Blunting adverse effects of endotracheal intubation and provision of a rapid technique are still a dilemma in parturients. Increasing the depth of anesthesia can blunt these deleterious effects; however, changes in concentration of anesthetic agents in blood and at effector sites occur slowly in relation to the onset and offset of airway stimuli and hemodynamic responses. In addition, pharmacologic intervention such as opioids might depress cardiovascular system resulting in undesired hypotension and bradycardia. Besides, it can have deleterious respiratory effects on fetus. Therefore, it is generally suggested to administer opioids after the delivery. Another approach to reduce cardiovascular response to tracheal intubation is to modify the technique of tracheal intubation.

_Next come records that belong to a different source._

Lemma ts_unique_near_regular f1 f2 s : turning_solution f1 -> turning_solution f2 ->
  f1 s = f2 s -> Derive f1 s = Derive f2 s -> Derive f1 s <> 0 ->
  exists d, 0 < d /\ forall u, s <= u < s + d -> f1 u = f2 u.
Proof.
  intros S1 S2 E0 E1 Hreg.
  set (D := Derive f1 s) in *.
  assert (Hsg : exists sg, (sg = 1 \/ sg = -1) /\ 0 < sg * D).
  { destruct (Rlt_le_dec 0 D); [exists 1|exists (-1)]; split; auto; lra. }
  destruct Hsg as [sg [Hsg HsD]].
  destruct (continuous_eps_delta _ s (ts_continuous_derive f1 S1 s) _ HsD) as [d1 [Hd1 Hball1]].
  destruct (continuous_eps_delta _ s (ts_continuous_derive f2 S2 s) _ HsD) as [d2 [Hd2 Hball2]].
  set (d := Rmin d1 d2).
  assert (Hm1 := Rmin_l d1 d2). assert (Hm2 := Rmin_r d1 d2). fold d in Hm1, Hm2.
  assert (Hd : 0 < d) by (apply Rmin_pos; auto).
  assert (Hbr : forall g dg, turning_solution g -> Derive g s = D -> d <= dg ->
    (forall u, Rabs (u - s) < dg -> Rabs (Derive g u - Derive g s) < sg * D) ->
    (forall u, s - d < u < s + d -> A < g u < B) /\
    exists c, forall u, s - d < u < s + d -> transit_time (g u) = sg * u + c).
  { intros g dg Sg Hgs Hdg Hball.
    assert (Hpos : forall u, s - d < u < s + d -> 0 < sg * Derive g u).
    { intros u Hu. assert (Hus : Rabs (u - s) < dg) by (apply Rabs_def1; lra).
      specialize (Hball u Hus). rewrite Hgs in Hball. apply Rabs_def2 in Hball.
      destruct Hsg; subst sg; lra. }
    split.
    - intros u Hu. apply (ts_interior g Sg). specialize (Hpos u Hu).
      intros E. rewrite E in Hpos. lra.
    - apply (transit_time_along_branch g Sg); auto. }
  destruct (Hbr f1 d1 S1) as [Hr1 [c1 Hc1]]; auto.
  destruct (Hbr f2 d2 S2) as [Hr2 [c2 Hc2]]; auto.
  assert (Hc : c1 = c2).
  { pose proof (Hc1 s) as Q1. pose proof (Hc2 s) as Q2. rewrite E0 in Q1. lra. }
  exists d; split; auto. intros u Hu.
  apply transit_time_inj; [apply Hr1; lra|apply Hr2; lra|].
  rewrite Hc1, Hc2 by lra. congruence.
Qed.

It has been suggested that general anesthesia of clinical standard depth can effectively suppress the pressor response, but not the tachycardia response to orotracheal intubation using a Glidescope (7). Although our patients demonstrated better hemodynamic effects in the first few minutes after intubation in the GVL group, parameters returned to baseline after 4 minutes in the both groups, which is not of clinical importance. Furthermore, these changes did not affect fetus. Our results are similar to those of Dashti et al. who demonstrated better hemodynamic responses with GVL than MDL in untreated patients with hypertension (13). This in contrast to Xue et al. and Zhang et al. (9, 10) and Pournajafian et al. (14) who demonstrated similar hemodynamic stability following oral endotracheal intubation using GVL than MD group. Furthermore, Zhang et al. demonstrated similar hemodynamic response to orotracheal intubation with either fiberoptic broncoscope or GlideScope videolaryngoscope (10). Similarly, the pressor response to nasal tracheal intubation (NTI) has been reported to be similar with GSVL and MDL. Nevertheless, the tachycardia response to NTI was less and of a shorter duration when using GSVL than MDL (15).
In summary, we concluded that endotracheal intubation is associated with similar hemodynamic changes and fetal outcome with GVL and MDL in parturients undergoing cesarean section.